**Exercise objective**
When the string "boolP" is part of a line in the data below, report the whole line.

(Records for this task begins)

Lemma layer0 v : layer v = 0 -> v \in B.
Proof. by rewrite /layer; case: (v \in B) => //; case: (v == x0). Qed.

Lemma layer1 v : layer v = 1 -> v = x0.
Proof. by rewrite /layer; case: (v \in B) => //; case: eqP. Qed.

Lemma layer2 v : v \in S -> layer v = 2 -> v \in C.
Proof. by case/vertex_cases => [->|//|vB]; rewrite /layer ?vB // (negbTE x0_in) eqxx. Qed.

Lemma layer_mono x y : x \in S -> y \in S -> part x = part y -> e x y -> layer x <= layer y.
Proof.
rewrite /layer => xS yS.
case: (vertex_cases xS) => [->|xC|xB]; last by rewrite xB.
  rewrite (negbTE x0_in) eqxx; case: (vertex_cases yS) => [->|yC|yB].
  - by rewrite (negbTE x0_in) eqxx.
  - by rewrite (negbTE (out_notin_in yC)) out_neq_x0.
  - by rewrite inE in yB; case/andP: yB => _ /tour_asym /negbTE ->.
rewrite (negbTE (out_notin_in xC)) out_neq_x0 //.
case: (vertex_cases yS) => [->|yC|yB].
- by move: xC; rewrite inE => /andP [_ /tour_asym /negbTE ->].
- by rewrite (negbTE (out_notin_in yC)) out_neq_x0.
- rewrite part_out // part_in // out_in_edge_part // => pxy.
  by have := out_part_le x; move: pxy; case_ifs; lia.
Qed.

Lemma part_class_cyclic3_free t : cyclic3_free [set v in S | part v == t].
Proof.
move=> x y z; rewrite !inE => /andP [xS /eqP px] /andP [yS /eqP py] /andP [zS /eqP pz].
apply/negP => /and3P [exy eyz ezx].
have lxy := layer_mono xS yS (etrans px (esym py)) exy.
have lyz := layer_mono yS zS (etrans py (esym pz)) eyz.
have lzx := layer_mono zS xS (etrans pz (esym px)) ezx.
have := layer_le2 x; case: (ltngtP (layer x) 1) => lx l2.
- have [lx0 ly0 lz0] : [/\ layer x = 0, layer y = 0 & layer z = 0] by split; lia.
  have := in_nbhd_cyclic3_free hD hN x0S (layer0 lx0) (layer0 ly0) (layer0 lz0).
  by rewrite /cyclic3 exy eyz ezx.
- have [lx2 ly2 lz2] : [/\ layer x = 2, layer y = 2 & layer z = 2] by split; lia.
  have := out_nbhd_cyclic3_free x0S hD (layer2 xS lx2) (layer2 yS ly2) (layer2 zS lz2).
  by rewrite /cyclic3 exy eyz ezx.
- have ly1 : layer y = 1 by lia.
  by move: exy; rewrite (layer1 lx) (layer1 ly1) (negbTE (irr x0)).
Qed.

Lemma part_surj t : t <= ncuts.*2 -> exists2 v, v \in S & part v = t.
Proof.
move=> t_le; case: (posnP t) => [->|t_gt0]; first by exists x0; rewrite ?part_x0.
case: (leqP t ncuts) => t_ncuts.
  have [c cC ct] : exists2 c, c \in C & out_part c = t by apply: out_part_surj; rewrite t_gt0.
  by exists c; [case/setIdP: cC | rewrite part_out].
have [b bB bt] : exists2 b, b \in B & in_part b = t - ncuts - 1 by apply: in_part_surj; lia.
exists b; first by case/setIdP: bB.
by rewrite part_in // bt; case: eqP; lia.
Qed.

Lemma part_edgeE x y : x \in S -> y \in S -> part x != part y ->
  e x y = tn_nat ncuts (part x) (part y).
Proof.
move=> xS yS pxy; case: (boolP (e x y)) => [exy|nexy]; first by rewrite part_edge.
have /tour_total/(_ nexy) eyx : x != y by apply: contraNneq pxy => ->.
by have := part_edge yS xS; rewrite eq_sym => /(_ pxy eyx) /tn_nat_asym /negbTE ->.
Qed.

Lemma Tn_subst_parts : Tn_subst e S ncuts.*2.+1.
Proof.
have partK v : (inord (part v) : 'I_ncuts.*2.+1) = part v :> nat.
  by rewrite inordK // ltnS part_le.
exists (fun v => inord (part v)); split.
- move=> i; have [v vS vi] := part_surj (ltn_ord i).
  by exists v => //; apply: val_inj; rewrite /= partK.
- move=> i; apply/cyclic3_free_transitive/(cyclic3_freeS _ (@part_class_cyclic3_free i)).
  by apply/subsetP => v; rewrite !inE => /andP [-> /eqP <-]; rewrite partK eqxx.
move=> x y xS yS hne; rewrite tn_odd /= ?odd_double // !partK uphalf_double part_edgeE //.
by apply: contraNneq hne => ->.
Qed.

End Staircase.

Definition Tn_form (S : {set V}) := exists n, [/\ odd n, 1 <= n & Tn_subst e S n].

Lemma Tn_form_no_sink S : S != set0 -> d4_free S -> no_sink S -> Tn_form S.
Proof.
move=> /set0Pn [x0 x0S] hD hN.
have [s [us hs hf]] := cyclic3_free_transitive (in_nbhd_cyclic3_free hD hN x0S).
exists (ncuts S x0 s).*2.+1; split; rewrite /= ?odd_double //.
exact: Tn_subst_parts.
Qed.

Definition Tn_sink_form (S : {set V}) := exists n (A B : {set V}),
  [/\ odd n, 1 <= n, A :&: B = set0, A :|: B = S &
   [/\ B != set0, forall x y, x \in A -> y \in B -> e x y,
       Tn_subst e A n & transitive_on e B]].

Lemma sinkP (S : {set V}) : (exists2 v, v \in S & is_sink S v) \/ no_sink S.
Proof.
case: (boolP [exists v in S, [forall u in S, (u != v) ==> e u v]]) => [|no_sink_S].
  move=> /existsP [v /andP [vS /forallP v_sink]]; left; exists v => // u uS.
  by move: (v_sink u); rewrite uS /= => /implyP.
right=> z zS; move: no_sink_S => /existsPn /(_ z); rewrite zS /= => /forallPn [u].
rewrite !negb_imply => /and3P [uS nuz neuz].
by exists u => //; apply: tour_total => //; rewrite eq_sym.
Qed.

Lemma sink_no_out (S : {set V}) v u : is_sink S v -> u \in S -> ~~ e v u.
Proof.
move=> v_sink uS; case: (eqVneq u v) => [->|nuv]; first exact: irr.
exact/tour_asym/v_sink.
Qed.

Lemma cyclic3_free_setU1_sink (S B : {set V}) v : is_sink S v -> v \in S -> B \subset S ->
  cyclic3_free B -> cyclic3_free (v |: B).
Proof.
move=> v_sink vS /subsetP BS B_free x y z.
have inS u : u \in v |: B -> u \in S by case/setU1P => [->|/BS].
move=> xB yB zB; apply/negP => /and3P [exy eyz ezx].
have no_out u w : u \in v |: B -> w \in v |: B -> e u w -> u \in B.
  move=> uB wB euw; case/setU1P: uB => // uv.
  by move: euw; rewrite uv (negbTE (sink_no_out v_sink (inS w wB))).
have := B_free x y z (no_out _ _ xB yB exy) (no_out _ _ yB zB eyz) (no_out _ _ zB xB ezx).
by rewrite /cyclic3 exy eyz ezx.
Qed.

Lemma Tn_form_transitive S : S != set0 -> transitive_on e S -> Tn_form S.
Proof.
move=> /set0Pn [v vS] S_tr; exists 1; split => //; exists (fun _ => ord0); split.
- by move=> i; exists v; rewrite ?(ord1 i).
- by move=> i; congr (transitive_on e _): S_tr; apply/setP => x; rewrite inE (ord1 i) eqxx andbT.
- by move=> x y _ _; rewrite eqxx.
Qed.

Lemma Tn_sink_form_add_sink (S : {set V}) v (A B : {set V}) n : v \in S -> is_sink S v ->
    A :&: B = set0 -> A :|: B = S :\ v -> (forall x y, x \in A -> y \in B -> e x y) ->
    odd n -> 1 <= n -> Tn_subst e A n -> transitive_on e B ->
  Tn_sink_form S.
Proof.
move=> vS v_sink AB0 ABS AB_edge odd_n n_ge1 A_Tn B_tr.
have AS : A \subset S :\ v by rewrite -ABS subsetUl.
have vA : v \notin A by apply: contraTN AS => vA; apply/subsetPn; exists v; rewrite ?setD11.
exists n, A, (v |: B); split => //.
- rewrite setIUr AB0 setU0; apply/setP => u; rewrite !inE andbC.
  by case: eqP => // ->; rewrite (negbTE vA).
- by rewrite setUCA ABS setD1K.
split => //.
- by apply/set0Pn; exists v; rewrite setU11.
- move=> x y xA /setU1P [->|]; last exact: AB_edge.
  by move/subsetP/(_ x xA): AS; rewrite !inE => /andP [xv xS]; apply: v_sink.
apply/cyclic3_free_transitive/(cyclic3_free_setU1_sink v_sink vS).
  by apply: subset_trans (subsetDl S [set v]); rewrite -ABS subsetUr.
exact: transitive_cyclic3_free.
Qed.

(Records for this task ends)

**Answer box**
move=> xS yS pxy; case: (boolP (e x y)) => [exy|nexy]; first by rewrite part_edge.
case: (boolP [exists v in S, [forall u in S, (u != v) ==> e u v]]) => [|no_sink_S].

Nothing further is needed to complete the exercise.